En medio de uno de los territorios más complejos del país, donde la violencia y la incertidumbre marcan el día a día, una historia ha logrado abrirse paso por encima del miedo. No es la de un operativo ni la de una confrontación, sino la de Hela, una canina del Ejército Nacional que, tras sobrevivir a un ataque, caminó durante siete días para reencontrarse con su guía.
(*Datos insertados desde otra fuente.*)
(* Let $(X,T)$ be a minimal topological dynamical system. Then $(X,T)$ is strongly $\mathcal{F}_{ip}$-sensitive if and only if there is $\delta>0$ such that for every non-empty open subset $U$ of $X$ there are $x\in U$ and $y\in X$ with $d(x,y)>\delta$ and $x$ strongly proximal to $y$.
   Context: A topological dynamical system: compact metric space $(X,d)$ with continuous surjection $T$; minimal means every orbit is dense. $x$ is strongly proximal to $y$ if $(y,y)$ belongs to the $\omega$-limit set of $(x,y)$ under $T\times T$, i.e. there are $n_k\to\infty$ with $T^{n_k}x\to y$ and $T^{n_k}y\to y$. $\mathcal{F}_{ip}$ is the family of subsets of $\mathbb{Z}_+$ containing some $FS((p_i)_{i=1}^\infty)=\{\sum_{i\in\alpha}p_i:\alpha$ finite nonempty$\}$, $p_i\in\mathbb{N}$. $(X,T)$ is strongly $\mathcal{F}_{ip}$-sensitive if there is $\delta>0$ such that for each nonempty open $U$ there are $x,y\in U$ with $\{n\in\mathbb{Z}_+:d(T^nx,T^ny)>\delta\}\in\mathcal{F}_{ip}$. *)

From Stdlib Require Import Reals List.
Open Scope R_scope.
Set Implicit Arguments.

Section Dyn.
Variable X : Type.
Variable d : X -> X -> R.

Definition is_metric : Prop :=
  (forall x y, d x y = 0 <-> x = y) /\
  (forall x y, d x y = d y x) /\
  (forall x y z, d x z <= d x y + d y z).

Definition d_open (U : X -> Prop) : Prop :=
  forall x, U x -> exists e, 0 < e /\ forall y, d x y < e -> U y.

Definition d_compact : Prop :=
  forall (I : Type) (F : I -> X -> Prop),
    (forall i, d_open (F i)) -> (forall x, exists i, F i x) ->
    exists l : list I, forall x, exists i, In i l /\ F i x.

Definition d_continuous (T : X -> X) : Prop :=
  forall x e, 0 < e -> exists del, 0 < del /\
    forall y, d x y < del -> d (T x) (T y) < e.
(* Let $\alpha\in(0,1)$ be irrational, and let $A_n,B_n,C_n$ be as defined in the context, so that $P_{q_n}(\alpha)=A_nB_nC_n$. Let $(\tau_n)_{n\in\mathbb N}$ and $(\kappa_n)_{n\in\mathbb N}$ be eventually increasing sequences of natural numbers with $\tau_n,\kappa_n=O(q_n^{1/2})$. Then for all sufficiently large $n$, $$A_n=2\pi c_n\big(1+O(\Lambda_n^2)\big),$$ $$\log(B_n)=-2\pi^2\frac{c_n}{q_n^2}\sum_{t=1}^{M_n-1}\frac{D_t(\alpha_n^-)}{\sin(\pi t/q_n)\sin(\pi(t+1)/q_n)}-2\sum_{t=1}^{\tau_n}\sum_{j=2}^{\tau_n}\frac1j\Big(\frac{c_n\xi_{nt}}{t}\Big)^j+O(\tau_n^{-1}),$$ $$C_n=\prod_{t=1}^{\kappa_n}\Big(1-\frac1{4(t/c_n-\xi_{nt})^2}\Big)+O(\kappa_n^{-1}).$$ Here $M_n=\lfloor(q_n-1)/2\rfloor$, and $\xi_{nt}=\{tq_{n-1}/q_n\}-\frac12$ for $t\in\{0,\ldots,q_n-1\}$.
   Context: Continued fraction and convergent notation: - $\alpha=[0;a_1,a_2,\ldots]$. - $q_0=0$, $q_1=1$, $q_{n+1}=a_nq_n+q_{n-1}$, and $p_0=1$, $p_1=0$, $p_{n+1}=a_np_n+p_{n-1}$. - $\Lambda_n=q_n\alpha-p_n$. - $\alpha_n^+=[a_n;a_{n+1},\ldots]$ and $\alpha_n^-=[0;a_{n-1},\ldots,a_1]=q_{n-1}/q_n$. - $c_n=1/(\alpha_n^++\alpha_n^-)$. - $D_t(\beta)=\sum_{s=1}^t(\{\beta s\}-\frac12)$. The three factors: - $P_N(\alpha)=\prod_{r=1}^N|2\sin(\pi r\alpha)|$. - $s_{nt}=2\sin\big(\pi[t/q_n-|\Lambda_n|(\{tq_{n-1}/q_n\}-\frac12)]\big)$. - $A_n=|2q_n\sin(\pi\Lambda_n)|$. - $B_n=\big|\prod_{t=1}^{q_n-1}\frac{s_{nt}}{2\sin(\pi t/q_n)}\big|$. - $C_n=\prod_{t=1}^{q_n-1}\big(1-s_{n0}^2/s_{nt}^2\big)^{1/2}$. The $O$-terms have constants independent of $n$. *)

From Stdlib Require Import Reals Lra Lia List ZArith.
Import ListNotations.
Open Scope R_scope.

(* Finite sum / product over the integer range a..b (empty if b < a). *)
Definition sumR (a b : nat) (f : nat -> R) : R :=
  fold_right Rplus 0 (map f (seq a (S b - a))).
Definition prodR (a b : nat) (f : nat -> R) : R :=
  fold_right Rmult 1 (map f (seq a (S b - a))).

Definition frac (x : R) : R := frac_part x.

Fixpoint gauss_x (al : R) (k : nat) : R :=
  match k with
  | O => al
  | S k' => frac (/ gauss_x al k')
  end.

(* Partial quotients: al = [0; a_1, a_2, ...], a_n = floor (1 / x_(n-1)) (n >= 1). *)
Definition cf_a (al : R) (n : nat) : nat := Z.to_nat (Int_part (/ gauss_x al (pred n))).

Fixpoint conv_pair (al : R) (u0 u1 : nat) (n : nat) : nat * nat :=
  match n with
  | O => (u0, u1)
  | S k => let (x, y) := conv_pair al u0 u1 k in (y, cf_a al (S k) * y + x)%nat
  end.

(* q_0 = 0, q_1 = 1, p_0 = 1, p_1 = 0. *)
Definition cf_q (al : R) (n : nat) : nat := fst (conv_pair al 0 1 n).
Definition cf_p (al : R) (n : nat) : nat := fst (conv_pair al 1 0 n).

Definition Lambda (al : R) (n : nat) : R := INR (cf_q al n) * al - INR (cf_p al n).

(* alpha_n^+ = [a_n; a_(n+1), ...] = 1 / x_(n-1);  alpha_n^- = q_(n-1)/q_n *)
Definition alpha_plus (al : R) (n : nat) : R := / gauss_x al (pred n).
Definition alpha_minus (al : R) (n : nat) : R := INR (cf_q al (pred n)) / INR (cf_q al n).

Definition c_n (al : R) (n : nat) : R := / (alpha_plus al n + alpha_minus al n).

Definition Dt (t : nat) (beta : R) : R := sumR 1 t (fun s => frac (beta * INR s) - / 2).

Definition xi (al : R) (n t : nat) : R :=
  frac (INR t * INR (cf_q al (pred n)) / INR (cf_q al n)) - / 2.

Definition s_nt (al : R) (n t : nat) : R :=
  2 * sin (PI * (INR t / INR (cf_q al n) - Rabs (Lambda al n) * xi al n t)).

Definition A_n (al : R) (n : nat) : R := Rabs (2 * INR (cf_q al n) * sin (PI * Lambda al n)).

Definition B_n (al : R) (n : nat) : R :=
  Rabs (prodR 1 (cf_q al n - 1) (fun t => s_nt al n t / (2 * sin (PI * INR t / INR (cf_q al n))))).

Definition C_n (al : R) (n : nat) : R :=
  prodR 1 (cf_q al n - 1) (fun t => sqrt (1 - (s_nt al n 0) ^ 2 / (s_nt al n t) ^ 2)).

Definition P_N (N : nat) (al : R) : R := prodR 1 N (fun r => Rabs (2 * sin (PI * INR r * al))).

Definition M_n (al : R) (n : nat) : nat := ((cf_q al n - 1) / 2)%nat.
El hecho ocurrió en la región del Catatumbo, en Norte de Santander, una zona históricamente golpeada por la presencia de grupos armados ilegales y economías ilícitas. Allí, en desarrollo de operaciones militares, la unidad a la que pertenecía Hela fue atacada con un dron, una modalidad que evidencia la transformación de las amenazas en el conflicto.
En medio del caos, la canina quedó separada de su guía, el soldado profesional Julián Naveros. Lo que siguió no fue un rescate inmediato ni una operación de búsqueda convencional. Fue, en cambio, un recorrido silencioso, marcado por la resistencia y el instinto.
Durante siete días, Hela avanzó sola por un terreno hostil. Sin alimento suficiente, expuesta a condiciones extremas y enfrentando los riesgos propios de una zona de conflicto, recorrió cerca de 28 kilómetros guiada únicamente por su entrenamiento y su capacidad de orientación. Cada paso fue, en esencia, una lucha por sobrevivir y regresar.
Finalmente, su travesía terminó en la base militar de Vetas Central, en el municipio de Tibú. Allí, contra todo pronóstico, logró reencontrarse con su guía y su unidad. El momento, que rápidamente se conoció a través de canales oficiales, se convirtió en un símbolo de lealtad y fortaleza.
Pero más allá de la emotividad del caso, la historia de Hela también pone en evidencia el papel estratégico que cumplen los binomios caninos dentro de las Fuerzas Militares. Estos animales no solo acompañan a los soldados; son una herramienta clave en la detección de amenazas, especialmente en contextos donde los artefactos explosivos y las estructuras ilegales representan un riesgo constante.
En el caso de Hela, su trabajo ha tenido un impacto directo en la lucha contra las economías ilícitas. Su participación en operativos permitió la ubicación de un laboratorio para el procesamiento de clorhidrato de cocaína en Norte de Santander, una infraestructura que tenía la capacidad de producir toneladas del alcaloide y que financiaba estructuras criminales en la región.
Este tipo de resultados reflejan una realidad compleja: mientras el país avanza en debates sobre seguridad y presencia institucional, en territorios como el Catatumbo la amenaza sigue siendo concreta y cotidiana. Allí, cada operación cuenta, y cada integrante de la fuerza pública —incluidos los caninos— cumple un rol determinante.
La historia de Hela, en ese contexto, trasciende lo anecdótico. Es también una muestra de las condiciones en las que operan las Fuerzas Militares y de los desafíos que enfrentan en terreno. Su recorrido no solo habla de lealtad, sino de resistencia en medio de una realidad adversa.
Hoy, su regreso no solo es celebrado como un reencuentro. Es, para muchos, un recordatorio de que incluso en los escenarios más difíciles, hay historias que reflejan disciplina, compromiso y una conexión que va más allá del deber.
En un país que aún busca respuestas frente a sus desafíos de seguridad, casos como el de Hela invitan a mirar con más atención el valor de quienes están en primera línea, incluso cuando caminan en cuatro patas.